I really respect how the storyline made room for Darcy and Elle had trans and non binary identities and that they were expanded upon in the show, I love it really and I think that it felt like things my friends would actually talk about. We have a slight reference to Darcy having an unlabeled gender but even this feels wrapped up as they come out as non binary, I wish it was just all less clean cut, less perfectly fit so that everything works out, do their's and Tara's sexualities shift to reflect changing Lesbian identity in a more inclusive world? Do they decide to be unlabled or does the idiotic queer discourse not exist for them? Can we have people who don't particularly lean one way or the other, or who reject this modern idea that we should fit into the straight designed trap of conformity for the heads to comprehend something outside their simple world of the nuclear family? I want sexualities nuances to be explained like gender's was. Micheal talks about it, so why is there not a large discussion or plot around it? Why does it end up a somewhat hollow scene?

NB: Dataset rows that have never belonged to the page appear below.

Lemma has_deriv_within_continuous (D : R -> Prop) (y : R -> R) (t l : R) :
  has_deriv_within D y t l -> filterlim y (within D (locally t)) (locally (y t)).
Proof.
  intros H P [eps HP].
  destruct (H _ (locally_ball l (mkposreal 1 Rlt_0_1))) as [d Hd].
  assert (Hl : 0 < Rabs l + 1) by (pose proof (Rabs_pos l); lra).
  assert (Hd' : 0 < Rmin d (eps / (Rabs l + 1))).
  { apply Rmin_glb_lt; [apply cond_pos | apply Rdiv_lt_0_compat; [apply cond_pos | exact Hl]]. }
  exists (mkposreal _ Hd'). intros x Hx Dx. apply HP. simpl in x.
  change (Rabs (x - t) < Rmin d (eps / (Rabs l + 1))) in Hx.
  change (Rabs (y x - y t) < eps).
  destruct (Req_dec x t) as [-> | Hne].
  { rewrite Rminus_diag, Rabs_R0. apply cond_pos. }
  set (h := x - t) in Hx.
  assert (Hq : Rabs ((y (t + h) - y t) / h - l) < 1).
  { apply (Hd h).
    - change (Rabs (h - 0) < d). rewrite Rminus_0_r. exact (Rlt_le_trans _ _ _ Hx (Rmin_l _ _)).
    - unfold h. split; [lra|]. replace (t + (x - t)) with x by ring. exact Dx. }
  replace (t + h) with x in Hq by (unfold h; ring).
  set (Q := (y x - y t) / h) in Hq.
  replace (y x - y t) with (h * Q) by (unfold Q, h; field; lra).
  assert (HQ : Rabs Q <= Rabs l + 1).
  { pose proof (Rabs_triang (Q - l) l). replace (Q - l + l) with Q in * by ring. lra. }
  assert (Hh : Rabs h * (Rabs l + 1) < eps).
  { apply (Rmult_lt_reg_r (/ (Rabs l + 1))); [apply Rinv_0_lt_compat; exact Hl|].
    rewrite Rmult_assoc, Rinv_r by lra. rewrite Rmult_1_r.
    exact (Rlt_le_trans _ _ _ Hx (Rmin_r _ _)). }
  rewrite Rabs_mult. pose proof (Rabs_pos h). nra.
Qed.

Definition clamp (a b x : R) : R := Rmax a (Rmin b x).

Lemma clamp_in (a b x : R) : a <= b -> a <= clamp a b x <= b.
Proof. intros. unfold clamp, Rmax, Rmin. repeat destruct Rle_dec; lra. Qed.

Lemma clamp_id (a b x : R) : a <= x <= b -> clamp a b x = x.
Proof. intros. unfold clamp, Rmax, Rmin. repeat destruct Rle_dec; lra. Qed.

Lemma clamp_lipschitz (a b x x' : R) : Rabs (clamp a b x - clamp a b x') <= Rabs (x - x').
Proof.
  unfold clamp, Rmax, Rmin.
  repeat destruct Rle_dec; unfold Rabs; repeat destruct Rcase_abs; lra.
Qed.

Lemma continuous_clamp (f : R -> R) (a b x : R) :
  a <= b -> continuous_on (fun u => a <= u <= b) f ->
  continuous (fun u => f (clamp a b u)) x.
Proof.
  intros Hab Hf. apply (filterlim_comp _ _ _ (clamp a b) f _
    (within (fun u : R => a <= u <= b) (locally (clamp a b x)))).
  - intros P [e HP]. exists e. intros x' Hx'. apply HP.
    + exact (Rle_lt_trans _ _ _ (clamp_lipschitz a b x' x) Hx').
    + apply clamp_in, Hab.
  - apply Hf, clamp_in, Hab.
Qed.

Lemma deriv_nonneg_le (f df : R -> R) (a b : R) :
  a <= b ->
  (forall x, a < x < b -> is_derive f x (df x)) ->
  (forall x, a <= x <= b -> continuous f x) ->
  (forall x, a <= x <= b -> 0 <= df x) ->
  f a <= f b.
Proof.
  intros Hab Hd Hc Hpos.
  destruct (MVT_gen f a b df) as [x [Hx Heq]];
    rewrite ?Rmin_left, ?Rmax_right in * by exact Hab.
  - exact Hd.
  - intros x Hx. apply continuity_pt_filterlim, Hc, Hx.
  - pose proof (Hpos x Hx). nra.
Qed.

Lemma gronwall_zero (h g : R -> R) (a b L : R) :
  (forall x, a <= x <= b -> continuous h x) ->
  (forall x, a < x < b -> is_derive h x (g x * h x)) ->
  (forall x, a <= x <= b -> g x <= L) ->
  h a = 0 -> forall t, a <= t <= b -> h t = 0.
Proof.
  intros Hc Hd Hg Ha t Ht.
  (* [h^2 e^{-2Lx}] is nonincreasing, nonnegative, and vanishes at [a] *)
  set (w := fun x => - (h x ^ 2 * exp (- 2 * L * x))).
  assert (Hw : w a <= w t).
  { apply (deriv_nonneg_le w (fun x => 2 * (L - g x) * h x ^ 2 * exp (- 2 * L * x)));
      [lra | | |].
    - intros x Hx. assert (Hhx := Hd x ltac:(lra)). unfold w. auto_derive.
      + eexists. exact Hhx.
      + replace (Derive (fun y => h y) x) with (g x * h x)
          by (symmetry; apply is_derive_unique; exact Hhx).
        ring.
    - intros x Hx. apply continuity_pt_filterlim. unfold w.
      apply (continuity_pt_opp (fun x => h x ^ 2 * exp (- 2 * L * x))).
      apply (continuity_pt_mult (fun x => h x ^ 2) (fun x => exp (- 2 * L * x))).
      + apply (continuity_pt_comp h (fun v => v ^ 2)).
        * apply continuity_pt_filterlim, Hc. lra.
        * apply derivable_continuous_pt; reg.
      + apply derivable_continuous_pt; reg.
    - intros x Hx. pose proof (Hg x ltac:(lra)). pose proof (exp_pos (- 2 * L * x)).
      apply Rmult_le_pos; [apply Rmult_le_pos; [lra | apply pow2_ge_0] | lra]. }
  unfold w in Hw. rewrite Ha in Hw.
  pose proof (exp_pos (- 2 * L * t)). pose proof (pow2_ge_0 (h t)).
  assert (Hh2 : h t ^ 2 = 0) by nra.
  simpl in Hh2. nra.
Qed.

Lemma is_derive_RInt_0 (f : R -> R) (t : R) :
  (forall x, continuous f x) -> is_derive (fun u => RInt f 0 u) t (f t).
Proof.
  intros Hf. apply (is_derive_RInt f (fun u => RInt f 0 u) 0 t); [|apply Hf].
  apply filter_forall. intros u.
  apply (@RInt_correct R_CompleteNormedModule), (@ex_RInt_continuous R_CompleteNormedModule).
  intros; apply Hf.
Qed.

Lemma limsup_infty_le (y : R -> R) (l : R) :
  (forall eps, 0 < eps -> Rbar_locally p_infty (fun t => y t <= l + eps)) ->
  Rbar_le (limsup_infty y) l.
Proof.
  intros H.
  assert (Heps : forall eps, 0 < eps -> Rbar_le (limsup_infty y) (l + eps)).
  { intros eps Heps. destruct (H eps Heps) as [t0 Ht0].
    apply Rbar_le_trans with (sup_from y (t0 + 1)).
    - apply (proj1 (proj2_sig (Rbar_ex_glb _))). exists (t0 + 1). reflexivity.
    - apply (proj2 (Lub_Rbar_correct _)). intros v [t [Ht ->]]. apply Ht0. lra. }
  destruct (limsup_infty y) as [v | |]; simpl in *.
  - destruct (Rle_or_lt v l) as [Hv | Hv]; [exact Hv|].
    specialize (Heps ((v - l) / 2) ltac:(lra)). lra.
  - exact (Heps 1 Rlt_0_1).
  - exact I.
Qed.

Lemma liminf_infty_ge (y : R -> R) (l : R) :
  (forall eps, 0 < eps -> Rbar_locally p_infty (fun t => l - eps <= y t)) ->
  Rbar_le l (liminf_infty y).
Proof.
  intros H.
  assert (Heps : forall eps, 0 < eps -> Rbar_le (l - eps) (liminf_infty y)).
  { intros eps Heps. destruct (H eps Heps) as [t0 Ht0].
    apply Rbar_le_trans with (inf_from y (t0 + 1)).
    - apply (proj2 (Glb_Rbar_correct _)). intros v [t [Ht ->]]. apply Ht0. lra.
    - apply (proj1 (proj2_sig (Rbar_ex_lub _))). exists (t0 + 1). reflexivity. }
  destruct (liminf_infty y) as [v | |]; simpl in *.
  - destruct (Rle_or_lt l v) as [Hv | Hv]; [exact Hv|].
    specialize (Heps ((l - v) / 2) ltac:(lra)). lra.
  - exact I.
  - exact (Heps 1 Rlt_0_1).
Qed.

Lemma limsup_infty_le_lim (y g : R -> R) (l : R) :
  Rbar_locally p_infty (fun t => y t <= g t) -> is_lim g p_infty l ->
  Rbar_le (limsup_infty y) l.
Proof.
  intros Hyg Hg. apply limsup_infty_le. intros eps Heps.
  assert (Hg_eps : Rbar_locally p_infty (fun t => Rabs (g t - l) < eps))
    by exact (Hg _ (locally_ball l (mkposreal eps Heps))).
  refine (filter_imp _ _ _ (filter_and _ _ Hyg Hg_eps)).
  intros t [H1 H2]. apply Rabs_def2 in H2. lra.
Qed.

Lemma liminf_infty_ge_lim (y g : R -> R) (l : R) :
  Rbar_locally p_infty (fun t => g t <= y t) -> is_lim g p_infty l ->
  Rbar_le l (liminf_infty y).
Proof.
  intros Hgy Hg. apply liminf_infty_ge. intros eps Heps.
  assert (Hg_eps : Rbar_locally p_infty (fun t => Rabs (g t - l) < eps))
    by exact (Hg _ (locally_ball l (mkposreal eps Heps))).
  refine (filter_imp _ _ _ (filter_and _ _ Hgy Hg_eps)).
  intros t [H1 H2]. apply Rabs_def2 in H2. lra.
Qed.

Lemma is_lim_relaxation (l d L : R) :
  0 < L -> is_lim (fun t => l + d * exp (- L * t)) p_infty l.
Proof.
  intros HL.
  assert (Hexp : is_lim (fun t => exp (- L * t)) p_infty 0).
  { apply (is_lim_comp exp (fun t => - L * t) p_infty 0 m_infty).
    - exact is_lim_exp_m.
    - replace m_infty with (Rbar_mult (- L) p_infty).
      + apply (is_lim_scal_l (fun t => t) (- L) p_infty p_infty), is_lim_id.
      + simpl. destruct (Rle_dec 0 (- L)); [exfalso; lra | reflexivity].
    - apply filter_forall. intros; discriminate. }
  pose proof (is_lim_plus' _ _ _ _ _ (is_lim_const l p_infty) (is_lim_scal_l _ d _ _ Hexp))
    as Hsum.
  simpl in Hsum. rewrite Rmult_0_r, Rplus_0_r in Hsum. exact Hsum.
Qed.

Section Logistic.

Variables (a : R -> R) (c y0 : R).
Hypothesis a_continuous : forall t, continuous a t.
Hypothesis c_pos : 0 < c.
Hypothesis y0_pos : 0 < y0.

Definition logistic (t y : R) : R := y * (a t - c * y).

Definition rate_integral (t : R) : R := RInt a 0 t.

Definition recip_solution (t : R) : R :=
  exp (- rate_integral t) * (/ y0 + c * RInt (fun x => exp (rate_integral x)) 0 t).

Definition logistic_solution (t : R) : R := / recip_solution t.

Lemma continuous_exp_rate_integral (x : R) : continuous (fun u => exp (rate_integral u)) x.
Proof.
  apply (@ex_derive_continuous R_AbsRing R_NormedModule).
  auto_derive. exists (a x). exact (is_derive_RInt_0 a x a_continuous).
Qed.

Lemma is_derive_recip_solution (t : R) :
  is_derive recip_solution t (c - a t * recip_solution t).
Proof.
  pose proof (is_derive_RInt_0 a t a_continuous) as HA.
  unfold recip_solution. auto_derive.
  - split; [exists (a t); exact HA|]. split.
    + apply (@ex_RInt_continuous R_CompleteNormedModule).
      intros x _. apply continuous_exp_rate_integral.
    + split; [|exact I]. apply filter_forall. intros x.
      apply continuity_pt_filterlim, continuous_exp_rate_integral.
  - replace (Derive (fun x => rate_integral x) t) with (a t)
      by (symmetry; apply is_derive_unique; exact HA).
    rewrite exp_Ropp. field. split; [lra | apply Rgt_not_eq, exp_pos].
Qed.

Lemma recip_solution_0 : recip_solution 0 = / y0.
Proof.
  unfold recip_solution, rate_integral. rewrite !RInt_point.
  change (exp (- 0) * (/ y0 + c * 0) = / y0). rewrite Ropp_0, exp_0. ring.
Qed.

Lemma recip_solution_pos (t : R) : 0 <= t -> 0 < recip_solution t.
Proof.
  intros Ht. apply Rmult_lt_0_compat; [apply exp_pos|].
  assert (0 <= RInt (fun x => exp (rate_integral x)) 0 t).
  { apply RInt_ge_0; [exact Ht| |intros; left; apply exp_pos].
    apply (@ex_RInt_continuous R_CompleteNormedModule).
    intros x _. apply continuous_exp_rate_integral. }
  pose proof (Rinv_0_lt_compat _ y0_pos). nra.
Qed.

Lemma logistic_solution_pos (t : R) : 0 <= t -> 0 < logistic_solution t.
Proof. intros Ht. apply Rinv_0_lt_compat, recip_solution_pos, Ht. Qed.

Lemma is_derive_logistic_solution (t : R) :
  0 <= t -> is_derive logistic_solution t (logistic t (logistic_solution t)).
Proof.
  intros Ht. pose proof (recip_solution_pos t Ht) as Hpos.
  pose proof (is_derive_inv _ _ _ (is_derive_recip_solution t) (Rgt_not_eq _ _ Hpos)) as H.
  unfold logistic, logistic_solution.
  replace (/ recip_solution t * (a t - c * / recip_solution t))
    with (- (c - a t * recip_solution t) / recip_solution t ^ 2) by (field; lra).
  exact H.
Qed.

Lemma logistic_solution_solves (D : R -> Prop) :
  (forall t, D t -> 0 <= t) -> is_solution_on D logistic y0 logistic_solution.
Proof.
  intros HD. split.
  - unfold logistic_solution. rewrite recip_solution_0. apply Rinv_inv.
  - intros t Dt. apply is_derive_has_deriv_within, is_derive_logistic_solution, HD, Dt.
Qed.

Lemma logistic_solution_unique (T : R) (z : R -> R) :
  is_solution_on (interval_0T T) logistic y0 z ->
  forall t, 0 <= t <= T -> z t = logistic_solution t.
Proof.
  intros [Hz0 Hz] t Ht. assert (HT : 0 <= T) by lra.
  set (zc := fun x => z (clamp 0 T x)).
  assert (Hzc : forall x, continuous zc x).
  { intros x. apply continuous_clamp; [exact HT|].
    intros u Hu. exact (has_deriv_within_continuous _ _ _ _ (Hz u Hu)). }
  destruct (continuity_ab_min zc 0 T HT (fun x _ => proj2 (continuity_pt_filterlim _ _) (Hzc x)))
    as [xm [Hxm _]].
  (* [1 - z u] solves the linear equation [h' = - c z h] with [h 0 = 0] *)
  set (h := fun x => 1 - zc x * recip_solution x).
  assert (Hh : h t = 0).
  { apply (gronwall_zero h (fun x => - c * zc x) 0 T (- c * zc xm)); [| | | | exact Ht].
    - intros x _. apply continuity_pt_filterlim. unfold h.
      apply (continuity_pt_minus (fun _ => 1) (fun x => zc x * recip_solution x)).
      + apply continuity_pt_const. intros ? ?. reflexivity.
      + apply (continuity_pt_mult zc recip_solution); apply continuity_pt_filterlim; [apply Hzc|].
        apply (@ex_derive_continuous R_AbsRing R_NormedModule).
        eexists. apply is_derive_recip_solution.
    - intros x Hx.
      assert (Hzx : is_derive zc x (logistic x (zc x))).
      { apply (is_derive_ext_loc z).
        - apply (filter_imp _ _ (fun u Hu => eq_sym (f_equal z (clamp_id 0 T u Hu)))).
          apply locally_interval, Hx.
        - unfold zc. rewrite clamp_id by lra.
          apply (has_deriv_within_is_derive (interval_0T T)); [apply locally_interval, Hx|].
          apply Hz. unfold interval_0T. lra. }
      unfold h. auto_derive.
      + split; [eexists; exact Hzx|]. split; [eexists; apply is_derive_recip_solution | exact I].
      + replace (Derive (fun y => zc y) x) with (logistic x (zc x))
          by (symmetry; apply is_derive_unique; exact Hzx).
        replace (Derive (fun y => recip_solution y) x) with (c - a x * recip_solution x)
          by (symmetry; apply is_derive_unique, is_derive_recip_solution).
        unfold logistic. ring.
    - intros x Hx. apply Rmult_le_compat_neg_l; [lra | apply Hxm, Hx].
    - unfold h, zc. rewrite clamp_id by lra. rewrite Hz0, recip_solution_0. field. lra. }
  unfold h, zc in Hh. rewrite clamp_id in Hh by exact Ht.
  pose proof (recip_solution_pos t (proj1 Ht)).
  unfold logistic_solution. apply (Rmult_eq_reg_r (recip_solution t)); [|lra].
  rewrite Rinv_l; lra.
Qed.

Lemma logistic_solution_unique_halfline (z : R -> R) :
  is_solution_on halfline logistic y0 z -> forall t, 0 <= t -> z t = logistic_solution t.
Proof.
  intros [Hz0 Hz] t Ht. apply (logistic_solution_unique t); [split; [exact Hz0|] | lra].
  intros u Hu. apply (has_deriv_within_subset halfline).
  - intros x Hx. apply Hx.
  - apply Hz, Hu.
Qed.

Maybe my friends and I are weird and philosophical, but we'd spend lunch arguing about this sort of stuff, so I really wish they'd show it, I have the backing of the kids who loved Perks of Being a Wallflower and Catcher and the Rye (don't ask me about that one I haven't actually read it, on principle) that found Solitaire, and all the depressed outsider protaganists a little too relatable for our own good, that maybe Tori and Micheal shouldn't have even kissed in the book because people are only ever going to misinterpret it. So now looking at the show, I guess of course this happened. Tori and Micheals story meant something to me and so yeah, I'm going to be a melodramatic whiner on Tumblr about it.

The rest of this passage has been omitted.